- **REQUIREMENT**:
Every line in the entries where "Hsum" is found should be copied.
[Start of section]
(* Let $H=([n],E)$ be a hypergraph having at least one edge of cardinality greater than $2$, and assume $H$ has two disjoint edges. Then $\Delta_H$ is not Cohen–Macaulay over any field.
   Context: A hypergraph $H=([n],E)$ has vertex set $[n]$ and edge set $E$, a collection of nonempty subsets of $[n]$; standing assumptions: every vertex lies in some edge, no edge has cardinality 1, no edge is properly contained in another. The coloring complex $\Delta_H$ is the abstract simplicial complex whose vertices are the nonempty proper subsets of $[n]$ and whose faces are the chains $\emptyset\neq A_1\subsetneq\cdots\subsetneq A_l\neq[n]$ ($l\ge0$) such that, with $A_0=\emptyset$, $A_{l+1}=[n]$, some difference $A_i\setminus A_{i-1}$ ($1\le i\le l+1$) contains an edge of $H$. *)

From HB Require Import structures.
From mathcomp Require Import all_boot all_order all_algebra.
Set Implicit Arguments. Unset Strict Implicit. Unset Printing Implicit Defensive.
Import GRing.Theory.
Local Open Scope ring_scope.

Definition hypergraph (n : nat) (E : {set {set 'I_n}}) : Prop :=
  (forall e, e \in E -> e != set0) /\
  (forall v : 'I_n, exists2 e, e \in E & v \in e) /\
  (forall e, e \in E -> #|e| != 1%N) /\
  (forall e f, e \in E -> f \in E -> ~~ (e \proper f)).

(* Vertices: nonempty proper subsets of [n]; a face is a chain
   A_1 < ... < A_l (a set of pairwise comparable such subsets) such that,
   with A_0 = empty, A_{l+1} = [n], some consecutive difference
   A_i \ A_{i-1} contains an edge.  "Consecutive" = B proper-below C in
   F + {empty,[n]} with no element of F strictly between them. *)
Definition coloring_face (n : nat) (E : {set {set 'I_n}})
    (F : {set {set 'I_n}}) : bool :=
  [forall A in F, (A != set0) && (A != setT)] &&
  [forall A in F, forall B in F, (A \subset B) || (B \subset A)] &&
  [exists B in set0 |: (setT |: F), exists C in set0 |: (setT |: F),
     [&& B \proper C,
         [forall A in F, ~~ ((B \proper A) && (A \proper C))] &
         [exists e in E, e \subset C :\: B]]].

(* Faces are indexed by cardinality k
   (dimension k-1); the empty face gives the augmentation (reduced homology). *)
Section Homology.
Variables (K : fieldType) (V : finType).

Definition faces_of (D : pred {set V}) (k : nat) : {set {set V}} :=
  [set F | D F & #|F| == k].
(* A monoid $S$ is weakly right coherent if and only if $S^0$ is weakly right coherent.
   Context: For a semigroup $S$, $S^0$ denotes $S$ if $S$ has a zero, and otherwise $S$ with a zero adjoined. A semigroup $T$ is weakly right coherent if $T^1$ is weakly right coherent, where $T^1$ is $T$ if $T$ is a monoid and otherwise $T$ with an identity adjoined; a monoid $M$ is weakly right coherent if every finitely generated right ideal of $M$ is finitely presented as a right $M$-act (equivalently, known: $M$ is right ideal Howson and finitely right equated). *)

From Stdlib Require Import List ClassicalDescription ProofIrrelevance.
From mathcomp Require Import ssreflect ssrfun ssrbool eqtype ssrnat fintype.
Set Implicit Arguments. Unset Strict Implicit. Unset Printing Implicit Defensive.

Record monoid := Monoid {
  mcar :> Type;
  mop : mcar -> mcar -> mcar;
  mone : mcar;
  mopA : forall x y z, mop x (mop y z) = mop (mop x y) z;
  mop1l : forall x, mop mone x = x;
  mop1r : forall x, mop x mone = x }.

Record ract (M : monoid) := RAct {
  acar :> Type;
  act : acar -> M -> acar;
  act1 : forall a, act a (mone M) = a;
  actA : forall a s t, act (act a s) t = act a (mop s t) }.

(** Free right M-act on n generators: 'I_n * M, with (i,s).t = (i, st).
    The right congruence on it generated by a list R of pairs. *)
Inductive gen_rcong (M : monoid) (n : nat) (R : list (('I_n * M) * ('I_n * M)))
  : 'I_n * M -> 'I_n * M -> Prop :=
| gc_base u v : In (u, v) R -> gen_rcong R u v
| gc_refl u : gen_rcong R u u
| gc_sym u v : gen_rcong R u v -> gen_rcong R v u
| gc_trans u v w : gen_rcong R u v -> gen_rcong R v w -> gen_rcong R u w
| gc_comp u v s : gen_rcong R u v ->
    gen_rcong R (u.1, mop u.2 s) (v.1, mop v.2 s).

(** A is finitely presented: A is isomorphic to F_n / rho_R for a finite
    set R of relations, i.e. there is a surjective act morphism from the free
    act on n generators onto A whose kernel is the congruence generated by R. *)
Definition fin_presented (M : monoid) (A : ract M) : Prop :=
  exists (n : nat) (f : 'I_n * M -> A) (R : list (('I_n * M) * ('I_n * M))),
    (forall (i : 'I_n) (s t : M), f (i, mop s t) = act (f (i, s)) t) /\
    (forall a : A, exists u, f u = a) /\
    (forall u v, f u = f v <-> gen_rcong R u v).

Definition right_ideal (M : monoid) (I : M -> Prop) : Prop :=
  forall x s, I x -> I (mop x s).

Definition fin_gen_right_ideal (M : monoid) (I : M -> Prop) : Prop :=
  exists X : list M, forall y, I y <-> exists x s, In x X /\ y = mop x s.

Section IdealAct.
Variables (M : monoid) (I : M -> Prop) (HI : right_ideal I).
Definition ideal_act_op (a : {x : M | I x}) (s : M) : {x : M | I x} :=
  exist _ (mop (proj1_sig a) s) (HI s (proj2_sig a)).
Lemma ideal_act1 a : ideal_act_op a (mone M) = a.
Proof. destruct a as [x Hx]; apply: eq_sig_hprop => /=;
  [intros; apply: proof_irrelevance | apply: mop1r]. Qed.
Lemma ideal_actA a s t :
  ideal_act_op (ideal_act_op a s) t = ideal_act_op a (mop s t).
Proof. destruct a as [x Hx]; apply: eq_sig_hprop => /=;
  [intros; apply: proof_irrelevance | symmetry; apply: mopA]. Qed.
Definition ideal_act : ract M := RAct ideal_act1 ideal_actA.
End IdealAct.

Definition weakly_right_coherent (M : monoid) : Prop :=
  forall (I : M -> Prop) (HI : right_ideal I),
    fin_gen_right_ideal I -> fin_presented (ideal_act HI).

Definition is_zero (M : monoid) (z : M) : Prop :=
  forall x, mop z x = z /\ mop x z = z.
Definition has_zero (M : monoid) : Prop := exists z : M, is_zero z.

Section AdjZero.
Variable S : monoid.
Definition adj0_op (a b : option S) : option S :=
  match a, b with Some x, Some y => Some (mop x y) | _, _ => None end.
Lemma adj0_opA x y z : adj0_op x (adj0_op y z) = adj0_op (adj0_op x y) z.
Proof. by case: x; case: y; case: z => //= *; rewrite mopA. Qed.
Lemma adj0_op1l x : adj0_op (Some (mone S)) x = x.
Proof. by case: x => //= a; rewrite mop1l. Qed.
Lemma adj0_op1r x : adj0_op x (Some (mone S)) = x.
Proof. by case: x => //= a; rewrite mop1r. Qed.
Definition adjoin_zero : monoid := Monoid adj0_opA adj0_op1l adj0_op1r.
End AdjZero.

Definition monoid0 (S : monoid) : monoid :=
  if excluded_middle_informative (has_zero S) then S else adjoin_zero S.

From Stdlib Require Import List ClassicalDescription ProofIrrelevance.
From mathcomp Require Import ssreflect ssrfun ssrbool eqtype ssrnat seq fintype.
Set Implicit Arguments. Unset Strict Implicit. Unset Printing Implicit Defensive.

(* If S has a zero then S^0 = S, so it suffices that S and S with a zero
   adjoined are weakly right coherent together, which holds for every S.
   Nonempty right ideals J of S ∪ {0} contain 0 and correspond to right ideals
   of S via J |-> J ∩ S and I |-> I ∪ {0}, preserving finite generation.  A
   presentation of J ∩ S over S gives one of J after adding a generator for 0
   and identifying every generator times 0 with it.  Conversely, in a
   presentation of I ∪ {0}, a chain of relations starting at a nonzero element
   never meets 0 (each step preserves the image), so the relations between
   nonzero elements present I over S, once the generators mapped to 0 are
   redirected to a nonzero one. *)

Lemma proj1_sig_inj (T : Type) (P : T -> Prop) (a b : {x | P x}) :
  proj1_sig a = proj1_sig b -> a = b.
Proof. by move=> E; apply: eq_sig_hprop => // *; apply: proof_irrelevance. Qed.

Lemma In_enum (T : finType) (x : T) : In x (enum T).
Proof.
have : x \in enum T by rewrite mem_enum.
elim: (enum T) => //= y s IH; rewrite in_cons => /orP [/eqP ->|/IH]; by [left|right].
Qed.

Section Presentations.
Variables (M : monoid) (n : nat).
Implicit Types R : list (('I_n * M) * ('I_n * M)).

Lemma gen_rcong_subset R R' u v :
  (forall p, In p R -> In p R') -> gen_rcong R u v -> gen_rcong R' u v.
Proof.
move=> sRR'; elim=> *; [apply: gc_base; exact: sRR'|exact: gc_refl|exact: gc_sym
  |apply: gc_trans; eassumption|exact: gc_comp].
Qed.

Lemma gen_rcong_map (N : monoid) m (h : 'I_n -> 'I_m) (phi : M -> N) R
    (R' : list (('I_m * N) * ('I_m * N))) :
  (forall s t, phi (mop s t) = mop (phi s) (phi t)) ->
  (forall u v, In (u, v) R -> In ((h u.1, phi u.2), (h v.1, phi v.2)) R') ->
  forall u v, gen_rcong R u v -> gen_rcong R' (h u.1, phi u.2) (h v.1, phi v.2).
Proof.
move=> phiM RR' u0 v0; elim=> [u v /RR'|u|u v _|u v w _ IH1 _ IH2|u v s _ IH] /=.
- exact: gc_base.
- exact: gc_refl.
- exact: gc_sym.
- exact: gc_trans IH1 IH2.
- by rewrite !phiM; exact: gc_comp IH.
Qed.

Lemma gen_rcong_ker (A : ract M) (f : 'I_n * M -> A) R :
  (forall i s t, f (i, mop s t) = act (f (i, s)) t) ->
  (forall u v, In (u, v) R -> f u = f v) ->
  forall u v, gen_rcong R u v -> f u = f v.
Proof.
move=> fM fR u0 v0; elim=> [|//|//|u v w _ -> //|[i s] [j t] r _ /= E]; first exact: fR.
by rewrite !fM E.
Qed.

End Presentations.

Lemma fin_presented_empty (M : monoid) (A : ract M) : (A -> False) -> fin_presented A.
Proof.
have noI0 : 'I_0 -> False by case.
move=> A_empty; exists 0, (fun u => False_rect _ (noI0 u.1)), nil.
split; [|split]; [by move=> i; case: (noI0 i)|by move=> a; case: (A_empty a)|].
by move=> u; case: (noI0 u.1).
Qed.

Lemma fin_gen_right_ideal_empty_or_inhabited (M : monoid) (I : M -> Prop) :
  fin_gen_right_ideal I -> (forall x, ~ I x) \/ (exists x, I x).
Proof.
case=> [[|x X] HX]; first by left=> y /HX [? [? [[]]]].
right; exists x; apply/HX; exists x, (mone M); split; [left|rewrite mop1r] => //.
Qed.

Section IdealsOfAdjoinZero.
Variable S : monoid.
Local Notation S0 := (adjoin_zero S).

Definition trace_ideal (J : S0 -> Prop) : S -> Prop := fun y => J (Some y).

Definition zero_ext_ideal (I : S -> Prop) : S0 -> Prop :=
  fun o => if o is Some y then I y else True.

Lemma trace_right_ideal J : right_ideal J -> right_ideal (trace_ideal J).
Proof. by move=> HJ x s; exact: HJ (Some x) (Some s). Qed.

Lemma zero_ext_right_ideal I : right_ideal I -> right_ideal (zero_ext_ideal I).
Proof. by move=> HI [x|] [s|] //=; exact: HI. Qed.

Definition somes (l : list S0) : list S :=
  flat_map (fun o => if o is Some x then x :: nil else nil) l.

Lemma In_somes l x : In x (somes l) <-> In (Some x) l.
Proof.
elim: l => [|[a|] l IH] /=; first by [].
- by split=> [[->|/IH]|[[->]|/IH]]; auto.
- by split=> [/IH|[//|/IH]]; auto.
Qed.

Lemma fin_gen_trace_ideal J :
  fin_gen_right_ideal J -> fin_gen_right_ideal (trace_ideal J).
Proof.
case=> X HX; exists (somes X) => y; split.
- case/HX=> [[x|] [[s|] [Xx //= [->]]]]; exists x, s; split=> //; exact/In_somes.
- case=> x [s [/In_somes Xx ->]]; apply/HX; by exists (Some x), (Some s).
Qed.

Lemma fin_gen_zero_ext_ideal I x0 :
  right_ideal I -> I x0 -> fin_gen_right_ideal I ->
  fin_gen_right_ideal (zero_ext_ideal I).
Proof.
move=> HI Ix0 [X HX]; exists (List.map Some X) => -[y|]; split=> //=.
- case/HX=> x [s [Xx ->]]; exists (Some x), (Some s); split=> //; exact: in_map.
- case=> _ [[s|] [/in_map_iff [x [<- Xx]] //= [->]]].
  apply: HI; apply/HX; exists x, (mone S); split; [|rewrite mop1r] => //.
- case/HX: Ix0 => x [_ [Xx _]]; exists (Some x), None; split=> //; exact: in_map.
Qed.

End IdealsOfAdjoinZero.

Section PresentationWithZero.
Variables (S : monoid) (J : adjoin_zero S -> Prop) (HJ : right_ideal J) (J0 : J None).
Variables (n : nat) (f : 'I_n * S -> ideal_act (trace_right_ideal HJ))
  (R : list (('I_n * S) * ('I_n * S))).
Hypotheses (fM : forall i s t, f (i, mop s t) = act (f (i, s)) t)
  (f_onto : forall a, exists u, f u = a)
  (f_ker : forall u v, f u = f v <-> gen_rcong R u v).
Lemma convex_comb_affine_dependence (R : realFieldType) (V : lmodType R)
    (I : finType) (t : I -> V) (l mu : I -> R) :
  convex_weights l -> \sum_i mu i *: t i = 0 -> \sum_i mu i = 0 ->
  (exists i, mu i != 0) ->
  exists l', [/\ convex_weights l', convex_comb l' t = convex_comb l t
               & exists i, l' i = 0].
Proof.
move=> [l_ge0 l_sum1] mu_t mu_sum [i1 mu_i1].
have [i2 mu_i2] : exists i, 0 < mu i.
  apply/existsP; apply: contraT; rewrite negb_exists => /forallP mu_le0.
  have : \sum_i - mu i == 0 by rewrite sumrN mu_sum oppr0.
  rewrite psumr_eq0 => [/allP/(_ i1 (mem_index_enum _))|i _].
    by rewrite oppr_eq0 (negbTE mu_i1).
  by rewrite oppr_ge0 leNgt mu_le0.
(* Move along [-mu] until the first weight vanishes. *)
have [i0 mu_i0 i0_min] :=
  @arg_minP _ _ _ i2 (fun i => 0 < mu i) (fun i => l i / mu i) mu_i2.
pose s := l i0 / mu i0.
exists (fun i => l i - s * mu i); split.
- split => [i|]; last by rewrite sumrB -mulr_sumr mu_sum mulr0 subr0.
  rewrite subr_ge0; have [mu_i_gt0|mu_i_le0] := ltP 0 (mu i).
    by rewrite -ler_pdivlMr //; exact: i0_min.
  apply: le_trans _ (l_ge0 i); apply: mulr_ge0_le0 => //.
  by apply: divr_ge0 => //; exact: ltW.
- rewrite /convex_comb; under eq_bigr do rewrite scalerBl -scalerA.
  by rewrite sumrB -scaler_sumr mu_t scaler0 subr0.
- by exists i0; rewrite /s divfK ?subrr ?gt_eqF.
Qed.

Lemma rV_linear_dependence (F : fieldType) n (t : 'I_n.+1 -> 'rV[F]_n) :
  exists2 mu : 'I_n.+1 -> F, exists i, mu i != 0 & \sum_i mu i *: t i = 0.
Proof.
pose T := \matrix_i t i.
have : kermx T != 0.
  rewrite kermx_eq0 /row_free; apply: contraTneq (rank_leq_col T) => ->.
  by rewrite ltnn.
case/rowV0Pn => v /sub_kermxP vT v_neq0.
exists (fun i => v ord0 i).
  apply/existsP; apply: contraNT v_neq0; rewrite negb_exists => /forallP v0.
  by apply/eqP/rowP => i; rewrite mxE; apply/eqP/negPn/v0.
by rewrite -[RHS]vT mulmx_sum_row; apply: eq_bigr => i _; rewrite rowK.
Qed.

Section MinimalNorm.
Variables (R : realType) (n : nat).
Local Open Scope classical_set_scope.
Lemma strategy_support3 (p : nat -> R) :
  is_strategy p -> support_below 3 p ->
  p 0%nat + p 1%nat + p 2%nat = 1 /\ p 1%nat + 2 * p 2%nat = mean p.
Proof.
  intros Sp Hp. pose proof Sp as (_ & Hsum & _).
  pose proof (is_series_support p 2 Hp) as Hs.
  assert (Hm : is_series (fun n => INR n * p n) (sum_f_R0 (fun n => INR n * p n) 2)).
  { apply is_series_support. intros n Hn. rewrite Hp by lia. ring. }
  apply is_series_unique in Hs, Hm. rewrite (is_series_unique _ _ Hsum) in Hs.
  rewrite (is_series_unique _ _ (mean_series p Sp)) in Hm.
  simpl in Hs, Hm. split; lra.
Qed.

(* If [p] puts no mass on 0, every atom bounds the excess of the mean over 1,
   since sum_n (n - 1) p n = mean p - 1 has then only nonnegative terms. *)
Lemma mean_excess_bound (p : nat -> R) (k : nat) :
  is_strategy p -> p 0%nat = 0 -> (INR k - 1) * p k <= mean p - 1.
Proof.
  intros Sp Hp0. pose proof Sp as (Hp & Hsum & _).
  pose proof (is_series_minus _ _ _ _ (mean_series p Sp) Hsum) as Hs.
  apply (series_term_le _ _ k) in Hs.
  - unfold plus, opp in Hs; simpl in Hs. lra.
  - intros [|n]; unfold plus, opp; cbn -[INR]; [rewrite Hp0; lra|].
    assert (1 <= INR (S n)) by (apply (le_INR 1); lia).
    pose proof (Hp (S n)). nra.
Qed.

Lemma mean_pos_atom (p : nat -> R) :
  is_strategy p -> 0 < mean p -> exists j, (1 <= j)%nat /\ 0 < p j.
Proof.
  intros Sp Hmean. destruct (classic (exists j, (1 <= j)%nat /\ 0 < p j))
    as [|Hnone]; [assumption|exfalso].
  assert (Hzero : forall n, INR n * p n = 0).
  { intros [|n]; [simpl; ring|].
    destruct (Req_dec (p (S n)) 0) as [E|E]; [rewrite E; ring|].
    destruct Sp as (Hp & _). exfalso. apply Hnone. exists (S n).
    split; [lia|]. specialize (Hp (S n)). lra. }
  assert (Hs : is_series (fun n => INR n * p n) 0).
  { replace 0 with (sum_f_R0 (fun n => INR n * p n) 0) by apply Hzero.
    apply is_series_support. intros n _; apply Hzero. }
  rewrite <- (is_series_unique _ _ Hs), (is_series_unique _ _ (mean_series p Sp)) in Hmean.
  lra.
Qed.

Definition pure_payoff (v : R) (q : nat -> R) (j : nat) : R :=
  v * (cdf_lt q j + q j / 2) - INR j.

Definition best_response (v : R) (p q : nat -> R) : Prop :=
  forall p', is_strategy p' -> payoff v p' q <= payoff v p q.

Lemma payoff_series (v : R) (p q : nat -> R) :
  is_strategy p -> is_strategy q ->
  is_series (fun j => p j * pure_payoff v q j) (payoff v p q).
Proof.
  intros Sp Sq. pose proof Sp as (Hp & Hpsum & _). pose proof Sq as (Hq & Hqsum & _).
  assert (Hgt : ex_series (fun i => p i * cdf_lt q i)).
  { apply (ex_series_bound _ p); [|now exists 1]. intros n.
    pose proof (Hp n). pose proof (cdf_lt_bounds q n Sq). nra. }
  assert (Heq : ex_series (fun i => p i * q i)).
  { apply (ex_series_bound _ p); [|now exists 1]. intros n.
    pose proof (Hp n). pose proof (Hq n). pose proof (series_term_le q 1 n Hqsum Hq). nra. }
  apply Series_correct, (is_series_scal_l v) in Hgt.
  apply Series_correct, (is_series_scal_l (v / 2)) in Heq.
  pose proof (is_series_minus _ _ _ _ (is_series_plus _ _ _ _ Hgt Heq) (mean_series p Sp))
    as Hs.
  eapply is_series_ext; [|exact Hs]. intros n.
  unfold pure_payoff, plus, opp, scal; simpl; unfold mult; simpl.
  change (@eq R (v * (p n * cdf_lt q n) + v / 2 * (p n * q n) + - (INR n * p n))
                (p n * (v * (cdf_lt q n + q n / 2) - INR n))).
  field.
Qed.

Lemma payoff_delta (v : R) (q : nat -> R) (k : nat) :
  is_strategy q -> payoff v (delta k) q = pure_payoff v q k.
Proof.
  intros Sq. rewrite <- (is_series_unique _ _ (payoff_series v _ _ (delta_strategy k) Sq)).
  apply is_series_unique, delta_series.
Qed.
(* If $k \geq 9$ and $|q - q_k| < q_k^{-2k-6}$, then $d_{\mathrm{H}}\big(g_{q,k}(\pi_q(A_q)),\ g_{q_k,k}(\pi_{q_k}(A_{q_k}))\big) < q_k^{-2k-4}$.
   Context: $q_k$ is the unique root in $(1,2)$ of $x^k - x^{k-1} - \cdots - x - 1 = 0$. $\pi_q((\epsilon_j)_{j\ge1}) = \sum_{j\ge1}\epsilon_j q^{-j}$ (for sequences over $\{-1,0,1\}$). $g_{q,k}(x) = q^{-k}x + \sum_{j=1}^{k-1}q^{-j}$. $d_{\mathrm{H}}$ is the Hausdorff distance. $W_2 = \{(-1\,0),(0\,{-1}),(00),(01),(10)\}$ and $1^k0^{k+4}W_2^\mathbb{N}$ is the set of sequences over $\{-1,0,1\}$ starting with $k$ ones then $k+4$ zeros whose tail is an infinite concatenation of words from $W_2$. Construction of $A_p$ from a fixed expansion of 1: given $(c_j) \in \{-1,0,1\}^\mathbb{N}$ with $\pi_p((c_j)) = 1$, let $J = \{j : c_j = 0\}$ enumerated $j_0<j_1<\cdots$, $J_{\mathrm{fixed},1} = \{j_n : n=4m+1, m\ge0\}$, $J_{\mathrm{fixed},0} = \{j_n : n = 4m+3, m\ge0\}$; $A_p$ is the set of $(a_j) \in \{0,1\}^\mathbb{N}$ with $a_j = 1$ if $c_j = 1$, $a_j = 0$ if $c_j = -1$, $a_j = 1$ if $j\in J_{\mathrm{fixed},1}$, $a_j = 0$ if $j \in J_{\mathrm{fixed},0}$. Here $A_{q_k}$ is built from $(c_j) = 1^k0^\infty$, and $A_q$ is built from an arbitrarily chosen sequence $(c_j) \in 1^k0^{k+4}W_2^\mathbb{N}$ with $\pi_q((c_j)) = 1$ (such a sequence exists for these $k,q$). *)

From HB Require Import structures.
From mathcomp Require Import all_boot all_order all_algebra.
From mathcomp Require Import all_classical all_reals all_analysis.
Set Implicit Arguments. Unset Strict Implicit. Unset Printing Implicit Defensive.
Import Order.TTheory GRing.Theory Num.Theory.
Local Open Scope classical_set_scope.
Local Open Scope ring_scope.

(* Sequences (eps_j)_{j>=1} are functions nat -> _; index 0 is ignored. *)

Definition piR {R : realType} (q : R) (u : nat -> R) : R :=
  limn (fun n => \sum_(1 <= j < n) (u j * q ^- j)).
Definition harm (s M : nat) : R := sum1 M (fun j => / INR j ^ s).

Definition harm_odd (s M : nat) : R := sum1 M (fun j => odd_ind j / INR j ^ s).

Lemma INR_pow_neq0 m s : (1 <= m)%nat -> INR m ^ s <> 0.
Proof. intros Hm. apply pow_nonzero, not_0_INR. lia. Qed.

Lemma inv_pow_pos m s : (1 <= m)%nat -> 0 < / INR m ^ s.
Proof. intros Hm. apply Rinv_0_lt_compat, pow_lt, lt_0_INR. lia. Qed.

Lemma inv_pow_le m s t : (1 <= m)%nat -> (t <= s)%nat -> / INR m ^ s <= / INR m ^ t.
Proof.
  intros Hm Hts. assert (1 <= INR m) by (apply (le_INR 1); lia).
  apply Rinv_le_contravar; [apply pow_lt; lra | apply Rle_pow; assumption].
Qed.

Lemma harm_nonneg s M : 0 <= harm s M.
Proof. apply sum1_nonneg. intros m Hm. left. now apply inv_pow_pos. Qed.

Lemma odd_term_bounds s j : (1 <= j)%nat -> 0 <= odd_ind j / INR j ^ s <= / INR j ^ s.
Proof.
  intros Hj. pose proof (inv_pow_pos j s Hj). pose proof (odd_ind_bounds j).
  unfold Rdiv. split; nra.
Qed.

Lemma sum1_alternating s p : sum1 p (fun j => (-1) ^ j / INR j ^ s)
  = sum1 p (fun j => 1 ^ j / INR j ^ s) - 2 * harm_odd s p.
Proof.
  unfold harm_odd. rewrite <- sum1_scal, <- sum1_minus.
  apply sum1_ext. intros j Hj. rewrite pow_m1_odd_ind, pow1. unfold Rdiv. ring.
Qed.

Lemma euler1_partial_sum1 s z N :
  euler1_partial s z N = sum1 (S N) (fun m => z ^ m / INR m ^ s).
Proof. apply (sum_n_sum1 (fun m => z ^ m / INR m ^ s)). Qed.

Lemma euler2_partial_sum1 s1 s2 z1 z2 N : euler2_partial s1 s2 z1 z2 N =
  sum1 (S N) (fun m => z1 ^ m / INR m ^ s1 * sum1 (pred m) (fun j => z2 ^ j / INR j ^ s2)).
Proof.
  unfold euler2_partial.
  rewrite (sum_n_triangle (fun m j => (z1 ^ m * z2 ^ j) / (INR m ^ s1 * INR j ^ s2))).
  apply sum1_ext. intros m Hm. rewrite <- sum1_scal. apply sum1_ext. intros j Hj.
  field. split; apply INR_pow_neq0; lia.
Qed.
[End of section]
- **WRITTEN RESPONSE**:
  intros Sp Hp. pose proof Sp as (_ & Hsum & _).
  apply is_series_unique in Hs, Hm. rewrite (is_series_unique _ _ Hsum) in Hs.
  intros Sp Hp0. pose proof Sp as (Hp & Hsum & _).
  pose proof (is_series_minus _ _ _ _ (mean_series p Sp) Hsum) as Hs.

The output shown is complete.